The team of election observers who visited the island during this year’s General Election have largely praised the process of our elections, while making 10 recommendations.
Members of the Commonwealth Parliamentary Association were invited to observe the election after a motion brought by former Garff MHK Martyn Perkins.
They said the election campaign was ‘relatively competitive, and candidates campaigned freely and peacefully, despite the pandemic’. However, they did hear of ‘worrying reports of women candidates being specifically targeted in their campaign’.
As previously reported, they said that disabled access to polling stations was ‘feasible but difficult, despite efforts to make it easier’. They said: ‘For instance, the Mission observed that half of all observed polling stations were not independently accessible to voters with mobility issues.’
One of issues identified which is most likely to impact on voters is an issue found with equality of representation. The island’s constituencies are divided up to ensure there should be 7,000 people in each constituency and this should not deviate by more than 15%.
The report said: ‘For the 2021 election, two constituencies (Glenfaba and Peel, and Ramsey) had respectively 15% and 14% more registered voters than the national average of voters per constituency, while Douglas East, North and South had less voters than the national average, however within the 10- 15% limit. This is an acceptable difference, but it needs to be addressed in the next review of the boundaries, which should happen once the results of the last census are published.’
According to the report, the gov has confirmed it will appoint an election commission to explore the issue of boundaries and constituencies within the next year. However the observers have noted that this provision does not exist in law and recommended that it be made clearer to ensure a free and fair process is followed.
- The Election Commission could set and follow the guiding principles of transparency, inclusivity and equality for its work reviewing boundary delimitations. The Elections (Keys and Local Authorities) Act 2020 could be amended to include those principles in the tasks of the Electoral Commission.
- There should be an open recruitment and selection process for polling station staff to increase transparency and to ensure impartiality of the election administration.
- Training for Deputy Returning Officers should be delivered systematically to ensure a consistent implementation of legislation across all constituencies.
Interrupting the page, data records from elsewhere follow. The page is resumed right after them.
(* For every integer $n\ge 2$, the subdivision scheme $S_n$ generates $C^1$ limit functions, i.e. for every bounded initial sequence $\mathbf f^0$ the limit function generated by $S_n$ from $\mathbf f^0$ is continuously differentiable.
   Context: For an integer $n\ge1$, the subdivision scheme $S_n$ acts on real sequences $\mathbf f^k=(f^k_i)_{i\in\mathbb Z}$ (the value $f^k_i$ being associated with the dyadic point $2^{-k}i$), starting from initial data $\mathbf f^0$, by the refinement rules $$f^{k+1}_{2i}=\frac1{2n-1}\sum_{j=-n+1}^{n-1}f^k_{i+j},\qquad f^{k+1}_{2i+1}=\frac1{2n}\sum_{j=-n+1}^{n}f^k_{i+j},\qquad i\in\mathbb Z,\ k\ge0.$$ The scheme is convergent: for every bounded $\mathbf f^0$ there is a continuous $F:\mathbb R\to\mathbb R$ (the limit function) with $\lim_{k\to\infty}\sup_{i}|f^k_i-F(2^{-k}i)|=0$. *)

From Stdlib Require Import Reals ZArith.
From Coquelicot Require Import Coquelicot.
Open Scope R_scope.

(* For m = 2i or m = 2i+1 we have i = m / 2
   (floor division), and
     f^{k+1}_{2i}   = 1/(2n-1) * sum_{j=-n+1}^{n-1} f^k_{i+j}
     f^{k+1}_{2i+1} = 1/(2n)   * sum_{j=-n+1}^{n}   f^k_{i+j}.
   The sums are written with t = j + n - 1 ranging over 0..2n-2 (resp. 0..2n-1);
   note [sum_f_R0 g N] = g 0 + ... + g N. *)
Definition subdiv_step (n : nat) (f : Z -> R) (m : Z) : R :=
  let i := (m / 2)%Z in
  if Z.even m then
    sum_f_R0 (fun t => f (i - Z.of_nat n + 1 + Z.of_nat t)%Z) (2 * n - 2)
      / INR (2 * n - 1)
  else
    sum_f_R0 (fun t => f (i - Z.of_nat n + 1 + Z.of_nat t)%Z) (2 * n - 1)
      / INR (2 * n).

Fixpoint subdiv (n : nat) (f0 : Z -> R) (k : nat) : Z -> R :=
  match k with
  | O => f0
  | S k' => subdiv_step n (subdiv n f0 k')
  end.

Definition bounded_seq (f : Z -> R) : Prop :=
  exists M : R, forall i : Z, Rabs (f i) <= M.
- Further efforts could be undertaken by the Crown and Elections Team to develop methods to encourage registration amongst any under-represented groups.
- In order to fully comply with the Equality Act, the electoral process should be fully accessible to persons with disabilities. In particular, all spaces used for the purpose of an electoral process, during the campaign and on election day, should be independently accessible.
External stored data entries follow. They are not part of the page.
(* Let $\mathcal C$ and $\mathcal D$ be $\Bbbk$-linear categories, let $F:\mathcal C\to\mathcal D$ be a fully faithful ($\Bbbk$-linear) functor, and let $\sigma_{\mathcal C}$ and $\sigma_{\mathcal D}$ be ($\Bbbk$-linear) endofunctors of $\mathcal C$ and $\mathcal D$ respectively. Suppose that $F\circ\sigma_{\mathcal C}$ is naturally isomorphic to $\sigma_{\mathcal D}\circ F$. Then $\mathrm{FP}(u,t,\sigma_{\mathcal C})\le \mathrm{FP}(u,t,\sigma_{\mathcal D})$ coefficientwise, i.e. $\mathrm{fpdim}^n(\sigma_{\mathcal C}^m)\le \mathrm{fpdim}^n(\sigma_{\mathcal D}^m)$ for all $n\ge 1$ and $m\ge 0$.
   Context: $\Bbbk$ is an algebraically closed field. For objects $X,Y$ write $\dim(X,Y)=\dim_\Bbbk\mathrm{Hom}(X,Y)\in\mathbb{Z}_{\ge0}\cup\{\infty\}$. Spectral radius: for a square matrix $A$ with entries in $\mathbb R\cup\{\pm\infty\}$, let $A'$ be obtained by replacing each entry $\infty$ (resp. $-\infty$) in position $(i,j)$ by a real variable $x_{ij}$ (resp. $-x_{ij}$), and set $\rho(A)=\liminf_{\text{all }x_{ij}\to\infty}\rho(A')$, where for a real matrix $\rho$ is the maximum of the absolute values of its eigenvalues. A brick is an object $M$ with $\mathrm{Hom}(M,M)=\Bbbk$. A brick set of size $n$ is a set $\phi=\{X_1,\dots,X_n\}$ of nonzero bricks with $\dim(X_i,X_j)=\delta_{ij}$ for all $i,j$; $\Phi_{n,b}$ denotes the set of brick sets of size $n$. For an endofunctor $\sigma$, the adjacency matrix is $A(\phi,\sigma)=(\dim(X_i,\sigma(X_j)))_{n\times n}$, and $\mathrm{fpdim}^n(\sigma)=\sup_{\phi\in\Phi_{n,b}}\rho(A(\phi,\sigma))$ (defined as $0$ if $\Phi_{n,b}=\emptyset$). The Frobenius–Perron series is $\mathrm{FP}(u,t,\sigma)=\sum_{m\ge0}\sum_{n\ge1}\mathrm{fpdim}^n(\sigma^m)t^mu^n$, and for two such series $f\le g$ means every coefficient of $f$ is at most the corresponding coefficient of $g$ (coefficients in $\mathbb R_{\ge0}\cup\{\infty\}$). *)

From HB Require Import structures.
From mathcomp Require Import all_boot all_order all_algebra.
From mathcomp Require Import all_classical all_reals.
From mathcomp Require Import ereal.
From mathcomp Require Import complex.

Set Implicit Arguments.
Unset Strict Implicit.
Unset Printing Implicit Defensive.

Import Order.TTheory GRing.Theory Num.Theory.
Local Open Scope ring_scope.
Local Open Scope classical_set_scope.

Record kcat (K : fieldType) := KCat {
  obj : Type;
  hom : obj -> obj -> lmodType K;
  comp : forall X Y Z : obj, hom Y Z -> hom X Y -> hom X Z;
  idm : forall X : obj, hom X X;
  comp_linr : forall X Y Z (g : hom Y Z) (a : K) (f1 f2 : hom X Y),
      comp g (a *: f1 + f2) = a *: comp g f1 + comp g f2;
  comp_linl : forall X Y Z (f : hom X Y) (a : K) (g1 g2 : hom Y Z),
      comp (a *: g1 + g2) f = a *: comp g1 f + comp g2 f;
  compA : forall X Y Z W (h : hom Z W) (g : hom Y Z) (f : hom X Y),
      comp h (comp g f) = comp (comp h g) f;
  comp_idl : forall X Y (f : hom X Y), comp (idm Y) f = f;
  comp_idr : forall X Y (f : hom X Y), comp f (idm X) = f
}.

Arguments comp {K} _ {X Y Z}.
Arguments idm {K} _ X.

Record kfunctor (K : fieldType) (C D : kcat K) := KFunctor {
  fobj : obj C -> obj D;
  fmap : forall X Y : obj C, hom X Y -> hom (fobj X) (fobj Y);
  fmap_lin : forall X Y (a : K) (f g : hom X Y),
      fmap (a *: f + g) = a *: fmap f + fmap g;
  fmap_comp : forall X Y Z (g : hom Y Z) (f : hom X Y),
      fmap (comp C g f) = comp D (fmap g) (fmap f);
  fmap_id : forall X, fmap (idm C X) = idm D (fobj X)
}.

Arguments fobj {K C D} _ _.
Arguments fmap {K C D} _ {X Y}.

Definition fully_faithful (K : fieldType) (C D : kcat K) (F : kfunctor C D) :=
  forall X Y : obj C, bijective (@fmap _ _ _ F X Y).

Definition nat_iso_commute (K : fieldType) (C D : kcat K) (F : kfunctor C D)
    (sC : kfunctor C C) (sD : kfunctor D D) :=
  exists eta : forall X : obj C, hom (fobj F (fobj sC X)) (fobj sD (fobj F X)),
    (forall (X Y : obj C) (f : hom X Y),
        comp D (eta Y) (fmap F (fmap sC f)) = comp D (fmap sD (fmap F f)) (eta X))
    /\ (forall X : obj C, exists theta : hom (fobj sD (fobj F X)) (fobj F (fobj sC X)),
          comp D theta (eta X) = idm D _ /\ comp D (eta X) theta = idm D _).

Definition fpow_obj (K : fieldType) (C : kcat K) (s : kfunctor C C) (m : nat)
  : obj C -> obj C := iter m (fobj s).

Definition lin_indep (K : fieldType) (V : lmodType K) (s : seq V) :=
  forall c : 'I_(size s) -> K,
    \sum_(i < size s) c i *: s`_i = 0 -> forall i, c i = 0.

Definition vdim (R : realType) (K : fieldType) (V : lmodType K) : \bar R :=
  ereal_sup [set ((size s)%:R)%:E | s in [set s : seq V | lin_indep s]].

Definition hdim (R : realType) (K : fieldType) (C : kcat K) (X Y : obj C)
  : \bar R := vdim R (hom X Y).

Definition spec_rad (R : realType) (n : nat) (A : 'M[R]_n) : \bar R :=
  ereal_sup [set (ComplexField.Normc.normc z)%:E |
     z in [set z : R[i] | root (char_poly (map_mx (fun r : R => (r%:C)%C) A)) z]].

Definition subst_inf (R : realType) (n : nat) (A : 'M[\bar R]_n)
    (x : 'I_n -> 'I_n -> R) : 'M[R]_n :=
  \matrix_(i, j) match A i j with
                 | EFin r => r
                 | +oo%E => x i j
                 | -oo%E => - x i j
                 end.

(* liminf as all the variables x_ij tend to +oo *)
Definition spec_rad_ext (R : realType) (n : nat) (A : 'M[\bar R]_n) : \bar R :=
  ereal_sup [set ereal_inf [set spec_rad (subst_inf A x) |
                            x in [set x | forall i j, M <= x i j]] | M in [set: R]].

Definition brick_set (R : realType) (K : fieldType) (C : kcat K) (n : nat)
    (X : 'I_n -> obj C) :=
  forall i j, hdim R (X i) (X j) = (if i == j then 1 else 0)%:R%:E.

Definition adj_mx (R : realType) (K : fieldType) (C : kcat K) (n : nat)
    (X : 'I_n -> obj C) (s : obj C -> obj C) : 'M[\bar R]_n :=
  \matrix_(i, j) hdim R (X i) (s (X j)).

(* fpdim^n of an endofunctor, given through its object map s *)
Definition fpdim (R : realType) (K : fieldType) (C : kcat K) (n : nat)
    (s : obj C -> obj C) : \bar R :=
  if `[< exists X : 'I_n -> obj C, brick_set R X >]
  then ereal_sup [set spec_rad_ext (adj_mx R X s) | X in [set X : 'I_n -> obj C | brick_set R X]]
  else 0%E.

(* A fully faithful F preserves Hom dimensions, so it sends brick sets of C
   to brick sets of D; the natural isomorphism F sC^m = sD^m F (iterated from
   F sC = sD F) identifies dim(X_i, sC^m X_j) with dim(F X_i, sD^m (F X_j)),
   so every adjacency matrix of sC^m is one of sD^m and the supremum over C
   is at most the one over D.  When C has no brick set of size n its fpdim is
   0, below any spectral radius because the complex characteristic polynomial
   of an n x n matrix, n >= 1, has a root. *)
From HB Require Import structures.
From mathcomp Require Import all_boot all_order all_algebra.
From mathcomp Require Import all_classical all_reals.
From mathcomp Require Import ereal complex.

Set Implicit Arguments.
Unset Strict Implicit.
Unset Printing Implicit Defensive.
Import Order.TTheory GRing.Theory Num.Theory.
Local Open Scope ring_scope.
Local Open Scope classical_set_scope.

Section Dimension.
Variables (R : realType) (K : fieldType).

Lemma lin_indepP (V : lmodType K) (s : seq V) : lin_indep s <->
  (forall c : nat -> K, \sum_(i < size s) c i *: s`_i = 0 ->
     forall i, (i < size s)%N -> c i = 0).
Proof.
split=> [h c hc i hi | h c hc i].
  exact: (h (fun j => c (val j)) hc (Ordinal hi)).
pose c' n := oapp c 0 (insub n : option 'I_(size s)).
have c'E j : c' (val j) = c j by rewrite /c' valK.
rewrite -c'E; apply: h (ltn_ord i).
by rewrite -[RHS]hc; apply: eq_bigr => j _; rewrite c'E.
Qed.

Lemma vdim_le_inj (V W : lmodType K) (f : V -> W) :
  (forall a x y, f (a *: x + y) = a *: f x + f y) -> injective f ->
  (vdim R V <= vdim R W)%E.
Proof.
move=> f_lin f_inj.
have f0 : f 0 = 0 by have := f_lin (-1) 0 0; rewrite scaler0 addr0 scaleN1r addNr.
have fD x y : f (x + y) = f x + f y by rewrite -[x]scale1r f_lin !scale1r.
have fZ a x : f (a *: x) = a *: f x by rewrite -[a *: x]addr0 f_lin f0 addr0.
apply: ge_ereal_sup => _ [s /lin_indepP s_indep <-].
apply: ereal_sup_ubound; exists (map f s); last by rewrite size_map.
apply/lin_indepP; rewrite size_map => c hc i hi.
apply: s_indep hi; apply: f_inj; rewrite f0 -hc (big_morph f fD f0).
by apply: eq_bigr => j _; rewrite fZ (nth_map 0).
Qed.

Definition kiso (D : kcat K) (P Q : obj D) :=
  exists (u : hom P Q) (v : hom Q P), comp D v u = idm D P /\ comp D u v = idm D Q.

Lemma kiso_refl (D : kcat K) (P : obj D) : kiso P P.
Proof. by exists (idm D P), (idm D P); rewrite comp_idl. Qed.

Lemma kiso_trans (D : kcat K) (P Q S : obj D) : kiso P Q -> kiso Q S -> kiso P S.
Proof.
move=> [u [v [vu uv]]] [u' [v' [vu' uv']]].
exists (comp D u' u), (comp D v v'); split.
  by rewrite compA -(compA v) vu' comp_idr.
by rewrite compA -(compA u') uv comp_idr.
Qed.

Lemma kiso_fobj (D E : kcat K) (G : kfunctor D E) (P Q : obj D) :
  kiso P Q -> kiso (fobj G P) (fobj G Q).
Proof.
move=> [u [v [vu uv]]]; exists (fmap G u), (fmap G v).
by rewrite -!fmap_comp vu uv !fmap_id.
Qed.

Lemma hdim_kisor (D : kcat K) (A P Q : obj D) :
  kiso P Q -> hdim R A P = hdim R A Q.
Proof.
move=> [u [v [vu uv]]]; apply/le_anti/andP; split.
  apply: (@vdim_le_inj _ _ (comp D u)) => [a x y|x y]; first by rewrite comp_linr.
  by move/(congr1 (comp D v)); rewrite !compA vu !comp_idl.
apply: (@vdim_le_inj _ _ (comp D v)) => [a x y|x y]; first by rewrite comp_linr.
by move/(congr1 (comp D u)); rewrite !compA uv !comp_idl.
Qed.

Lemma hdim_fully_faithful (C D : kcat K) (F : kfunctor C D) :
  fully_faithful F -> forall X Y : obj C, hdim R (fobj F X) (fobj F Y) = hdim R X Y.
Proof.
move=> F_ff X Y; have [g fmapK gK] := F_ff X Y.
apply/le_anti/andP; split.
  apply: (@vdim_le_inj _ _ g); last exact: can_inj gK.
  by move=> a x y; apply: (can_inj fmapK); rewrite gK fmap_lin !gK.
apply: (@vdim_le_inj _ _ (fmap F)); last exact: can_inj fmapK.
by move=> a x y; rewrite fmap_lin.
Qed.

Lemma kiso_fpow_obj (C D : kcat K) (F : kfunctor C D) (sC : kfunctor C C)
    (sD : kfunctor D D) : nat_iso_commute F sC sD ->
  forall m X, kiso (fobj F (fpow_obj sC m X)) (fpow_obj sD m (fobj F X)).
Proof.
move=> [eta [_ eta_iso]]; elim=> [|m IHm] X; first exact: kiso_refl.
rewrite /fpow_obj !iterS; apply: kiso_trans (kiso_fobj sD (IHm X)).
by have [theta [h1 h2]] := eta_iso (iter m (fobj sC) X); exists (eta _), theta.
Qed.

End Dimension.

Section FrobeniusPerron.
Variable R : realType.

Lemma spec_rad_ge0 (n : nat) (A : 'M[R]_n) : (0 < n)%N -> (0 <= spec_rad A)%E.
Proof.
move=> n_gt0; have : size (char_poly (map_mx (fun r : R => (r%:C)%C) A)) != 1%N.
  by rewrite size_char_poly; case: n n_gt0 {A}.
move=> /closed_rootP [z z_root].
apply: le_trans (ereal_sup_ubound _); last by exists z.
by rewrite lee_fin; case: z {z_root} => a b /=; exact: sqrtr_ge0.
Qed.

Lemma spec_rad_ext_ge0 (n : nat) (A : 'M[\bar R]_n) : (0 < n)%N ->
  (0 <= spec_rad_ext A)%E.
Proof.
move=> n_gt0; apply: le_trans (ereal_sup_ubound _); last by exists 0.
by apply: le_ereal_inf_tmp => _ [x _ <-]; exact: spec_rad_ge0.
Qed.

Lemma fpdim_le (K : fieldType) (C D : kcat K) (n : nat)
    (s : obj C -> obj C) (t : obj D -> obj D) (G : obj C -> obj D) :
  (0 < n)%N ->
  (forall X : 'I_n -> obj C, brick_set R X -> brick_set R (G \o X)) ->
  (forall X : 'I_n -> obj C, brick_set R X -> adj_mx R X s = adj_mx R (G \o X) t) ->
  (fpdim R n s <= fpdim R n t)%E.
Proof.
move=> n_gt0 G_brick G_adj; rewrite /fpdim.
case: (asboolP (exists X : 'I_n -> obj C, brick_set R X)) => [[X0 X0_brick]|noC].
  rewrite asboolT; last by exists (G \o X0); exact: G_brick.
  apply: ge_ereal_sup => _ [X X_brick <-].
  by apply: ereal_sup_ubound; exists (G \o X); [exact: G_brick | rewrite G_adj].
case: asboolP => [[Y Y_brick]|//].
apply: le_trans (ereal_sup_ubound _); last by exists Y.
exact: spec_rad_ext_ge0.
Qed.

End FrobeniusPerron.

Theorem theorem0p1 (R : realType) (K : closedFieldType) (C D : kcat K)
    (F : kfunctor C D) (sC : kfunctor C C) (sD : kfunctor D D) :
  fully_faithful F ->
  nat_iso_commute F sC sD ->
  forall n m : nat, (1 <= n)%N ->
    (fpdim R n (fpow_obj sC m) <= fpdim R n (fpow_obj sD m))%E.
Proof.
move=> F_ff F_comm n m n_gt0; apply: (fpdim_le (G := fobj F)) => //.
  by move=> X X_brick i j; rewrite /= (hdim_fully_faithful R F_ff).
move=> X _; apply/matrixP => i j; rewrite !mxE /= -(hdim_fully_faithful R F_ff).
exact: hdim_kisor (kiso_fpow_obj F_comm m (X j)).
Qed.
- Authorities should consider a review to promote measures to strengthen women’s participatioin elections, in order to consolidate and improve upon the success of the number of women elected in this election, in line with international good practice.
- Training for polling station staff should be delivered systematically to ensure a consistent delivery of an election across the island. Training could include a specific focus on family voting and how to prevent it.
- Coded seals on ballot boxes should be used consistently, and should be checked by the Deputy Returning Officer before ballot boxes are opened.
- In addition to verifying the number of valid ballot papers, verifying the number of votes cast could be introduced as a separate verification stage of the counting process.
- The Elections (Keys and Local Authorities) Act 2020 should be amended to ensure the powers of the Deputy Returning Officers are fully aligned with the Human Rights Act 2001 and relevant international standards.